A thorough history and examination should enable you to localize the disease process and generate a differential diagnosis. Confirmation of the diagnosis will usually require neurodiagnostic testing. When any of the tests described here is performed, it is essential to know what you are looking for and to understand the sensitivity (likelihood of a true positive result if the disease is present) and specificity (likelihood of a true negative result if the disease is absent) of each test for diagnosing the disease in question. Risks, benefits, and cost must also be considered.

Lumbar Puncture

Examination of the cerebrospinal fluid (CSF) by lumbar puncture (LP) is essential for diagnosing meningitis and subarachnoid hemorrhage when computed tomography (CT) is negative. It also can be helpful in evaluating peripheral neuropathy, carcinomatous meningitis, pseudotumor cerebri, multiple sclerosis (MS), and a variety of other inflammatory disorders.

  • Technique of LP

    • Proper positioning is the key to success ( Fig. 3.1 ). Position the patient’s back at the edge of the bed, with the head flexed and the legs curled up in the fetal position. Place a pillow under the head; it may be helpful to place another pillow between the legs. Ensure that the shoulders and hips are parallel to each other and perpendicular to the bed (i.e., not tilted forward). Locate the interspace between L4 and L5, which lies at the intercristal line (across the tops of the iliac crests), and insert the needle one level above, between L3 and L4. After sterilizing the area and locally injecting 2% lidocaine, insert a 20-gauge or 22-gauge needle, parallel to the bed and tilted slightly cephalad. As you enter the subarachnoid space, you will feel a slight “pop.” Measure the opening pressure and collect the CSF.

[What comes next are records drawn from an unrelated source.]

(* The leaves of a parity decision tree of depth d partition the cube into
   affine subspaces of dimension at least n - d, and f is constant on each.
   With L x = \sum_i x_i and mu x the average of L over the leaf of x, we get
   \sum_i \hat f(i) = E[f L] = E[f mu] <= sqrt (E[mu^2]).
   On an affine subspace A, the non-constant coordinates fall into classes on
   which the products x_i x_j are constant, and a point of A is determined by
   one coordinate per class. So on A, L is a constant plus a combination
   \sum_r w_r x_r of pairwise orthogonal class representatives, whence
   Var_A(L) = \sum_r w_r^2 >= 2 #classes - n >= 2 dim A - n. Averaging over
   the leaves, E[mu^2] = E[L^2] - E[Var_leaf L] <= n - (2 (n - d) - n) = 2 d. *)

(* [vector.v] also exports a [coord]. *)
Local Notation coord := Defs.coord.

Section Fibers.
Variables (R : numFieldType) (T : finType).

Definition avg (A : {set T}) (h : T -> R) : R := #|A|%:R^-1 * \sum_(y in A) h y.

Definition fiber (U : eqType) (p : T -> U) (x : T) : {set T} := [set y | p y == p x].

Lemma fiber_self (U : eqType) (p : T -> U) x : x \in fiber p x.
Proof. by rewrite inE. Qed.

Lemma sum_avg_fiber (U : eqType) (p : T -> U) (h : T -> R) :
  \sum_x avg (fiber p x) h = \sum_x h x.
Proof.
have fiberE x y : y \in fiber p x -> fiber p y = fiber p x.
  by rewrite inE => /eqP pyx; apply/setP => z; rewrite !inE pyx.
have card_fiber_neq0 x : #|fiber p x|%:R != 0 :> R.
  by rewrite pnatr_eq0 -lt0n; apply/card_gt0P; exists x; apply: fiber_self.
rewrite /avg (eq_bigr (fun x => \sum_y (y \in fiber p x)%:R * (#|fiber p x|%:R^-1 * h y)));
  last first.
  move=> x _; rewrite mulr_sumr big_mkcond; apply: eq_bigr => y _.
  by case: ifP; rewrite ?mul1r ?mul0r.
rewrite exchange_big; apply: eq_bigr => y _.
transitivity (\sum_(x in fiber p y) #|fiber p y|%:R^-1 * h y).
  rewrite [RHS]big_mkcond; apply: eq_bigr => x _.
  have -> : (y \in fiber p x) = (x \in fiber p y) by rewrite !inE eq_sym.
  by case: ifP => [/fiberE -> | _]; rewrite ?mul1r ?mul0r.
by rewrite sumr_const -[_ *+ _]mulr_natl mulrA mulfV ?mul1r.
Qed.

Lemma avg_mul_const_in (A : {set T}) (g h : T -> R) c :
  {in A, forall y, g y = c} -> avg A (fun y => g y * h y) = c * avg A h.
Proof.
move=> gA; rewrite /avg [RHS]mulrCA [c * _]mulr_sumr; congr (_ * _).
by apply: eq_bigr => y /gA->.
Qed.

End Fibers.

Section AffineSets.
Variable n : nat.
Implicit Types (A B : {set cube n}) (y z w : cube n) (g : cube n -> bool).

Definition xor3 y z w : cube n := [ffun i => y i (+) z i (+) w i].

Definition affine A := forall y z w, y \in A -> z \in A -> w \in A -> xor3 y z w \in A.

Definition xor3_linear g := forall y z w, g (xor3 y z w) = g y (+) g z (+) g w.

Lemma xor3K y z w : xor3 (xor3 y z w) z w = y.
Proof. by apply/ffunP => i; rewrite !ffunE; case: (y i); case: (z i); case: (w i). Qed.

Lemma xor3_inj z w : injective (fun y => xor3 y z w).
Proof. exact: (can_inj (g := fun y => xor3 y z w)) (fun y => xor3K y z w). Qed.

Lemma affineT : affine [set: cube n].
Proof. by move=> *; rewrite inE. Qed.

Lemma affineI A B : affine A -> affine B -> affine (A :&: B).
Proof.
move=> affA affB y z w /setIP[yA yB] /setIP[zA zB] /setIP[wA wB].
by rewrite inE affA ?affB.
Qed.

Lemma affine_fiber g x : xor3_linear g -> affine (fiber g x).
Proof.
move=> lin_g y z w; rewrite !inE lin_g => /eqP-> /eqP-> /eqP->.
by rewrite addbb addFb.
Qed.

(* [y |-> xor3 y z w] is an involution of A that flips g whenever g z != g w. *)
Lemma card_fiber_half A g x :
  affine A -> xor3_linear g -> x \in A -> (#|A| <= 2 * #|A :&: fiber g x|)%N.
Proof.
move=> affA lin_g xA; rewrite -(cardsID (fiber g x) A) mul2n -addnn leq_add2l.
have [->|[b /setDP[bA bF]]] := set_0Vmem (A :\: fiber g x); first by rewrite cards0.
rewrite -(card_imset _ (xor3_inj (z := x) (w := b))); apply: subset_leq_card.
apply/subsetP => _ /imsetP[y /setDP[yA yF] ->]; rewrite !inE affA //= lin_g.
by move: bF yF; rewrite !inE; case: (g x); case: (g y); case: (g b).
Qed.

Lemma sum_sign_affine {R : numDomainType} A g z w :
  affine A -> xor3_linear g -> z \in A -> w \in A -> g z != g w ->
  \sum_(y in A) (-1) ^+ g y = 0 :> R.
Proof.
move=> affA lin_g zA wA gzw; set S := \sum_(y in A) _.
have SN : S = - S.
  rewrite {1}/S (reindex_inj (xor3_inj (z := z) (w := w))) /= -sumrN; apply: eq_big => [y|y _].
    apply/idP/idP => [|yA]; last exact: affA.
    by rewrite -{2}(xor3K y z w) => ?; apply: affA.
  rewrite lin_g -addbA.
  have -> : g z (+) g w by move: gzw; case: (g z); case: (g w).
  by rewrite signr_addb expr1 mulrN1.
have : S *+ 2 == 0 by rewrite mulr2n {1}SN addNr.
by rewrite mulrn_eq0 => /eqP.
Qed.

End AffineSets.

Lemma sqr_1Dt_ge (R : realDomainType) (t : R) (u : nat) :
  `|t| <= u%:R -> 1 - u%:R <= (1 + t) ^+ 2.
Proof.
case: u => [|u] t_le; last by apply: le_trans (sqr_ge0 _); rewrite subr_le0 ler1n.
have /eqP-> : t == 0 by rewrite -normr_le0.
by rewrite subr0 addr0 expr1n.
Qed.

Definition coord_sum {R : nzRingType} {n} (y : cube n) : R := \sum_(i < n) coord y i.

Lemma coordM_same {R : nzRingType} n (y : cube n) i : coord y i * coord y i = 1 :> R.
Proof. by rewrite /Defs.coord -signr_addb addbb. Qed.

Section Coupling.
Variables (n : nat) (A : {set cube n}) (a : cube n).
Hypotheses (affA : affine A) (aA : a \in A).
Implicit Types (i j r : 'I_n) (y : cube n).

Definition frozen i := [forall y in A, y i == a i].

Definition coupled i j := [forall y in A, y i (+) y j == a i (+) a j].

Definition reps : {set 'I_n} :=
  [set r | ~~ frozen r & [forall j : 'I_n, (j < r)%N ==> ~~ coupled j r]].

Lemma coupled_refl i : coupled i i.
Proof. by apply/forall_inP => y _; rewrite !addbb. Qed.

Lemma coupled_sym i j : coupled i j = coupled j i.
Proof. by apply: eq_forallb_in => y _; rewrite addbC [a i (+) _]addbC. Qed.

Lemma coupled_trans j i k : coupled i j -> coupled j k -> coupled i k.
Proof.
have addb_chain u v w : u (+) w = (u (+) v) (+) (v (+) w) by case: u; case: v; case: w.
move=> /forall_inP cij /forall_inP cjk; apply/forall_inP => y yA.
by rewrite (addb_chain _ (y j)) (addb_chain (a i) (a j)) (eqP (cij y yA)) (eqP (cjk y yA)).
Qed.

      Fig. 3.1, Positioning for lumbar puncture. A pillow should be placed beneath the head. Hips and shoulders should be parallel to each other and perpendicular to the bed. The spinal needle should be parallel to the bed.

  • Examination of the CSF

    • This examination should always include a cell count (2 mL), protein and glucose analysis (2 mL), a Gram stain and culture (2 mL), and a CSF Venereal Disease Research Laboratory (VDRL) test (1 mL). Additional CSF tests are listed in Table 3.1 . If red blood cells (RBCs) are encountered, check for xanthochromia, which is a yellowish tinge that differentiates true subarachnoid hemorrhage (> 12 hours old) from a traumatic tap. To evaluate the significance of white blood cells (WBCs) in a traumatic tap, recall that the normal ratio of WBCs to RBCs in peripheral blood is 1:700.

      Table 3.1
      Cerebrospinal Fluid Tests

      • Cell count

      • Protein and glucose levels

      • Gram stain and culture

      • VDRL test

      • India ink test (for Cryptococcus neoformans )

      • Wet smear (for fungi and amebae)

      • Stain and culture for AFB (for tuberculosis)

      • Cryptococcal antigen titers

      • pH and lactate levels (abnormal in MELAS)

      • Oligoclonal bands (abnormal in multiple sclerosis)

      • IgG index (intrathecal IgG production)

      • IgG and IgM viral antibody studies

      • Latex agglutination bacterial antigen tests (for pneumococcus, meningococcus, and Haemophilus influenzae )

      • Viral isolation studies

      • Cytology (requires fixation in formalin)

      • Lyme disease antibody titers (compare with serum titers) and Western blot

      • Polymerase chain reaction for Lyme disease, tuberculosis, and causes of viral encephalitis

      • 13-9-9 protein and RT-QuIC (elevated in Creutzfeldt-Jakob disease)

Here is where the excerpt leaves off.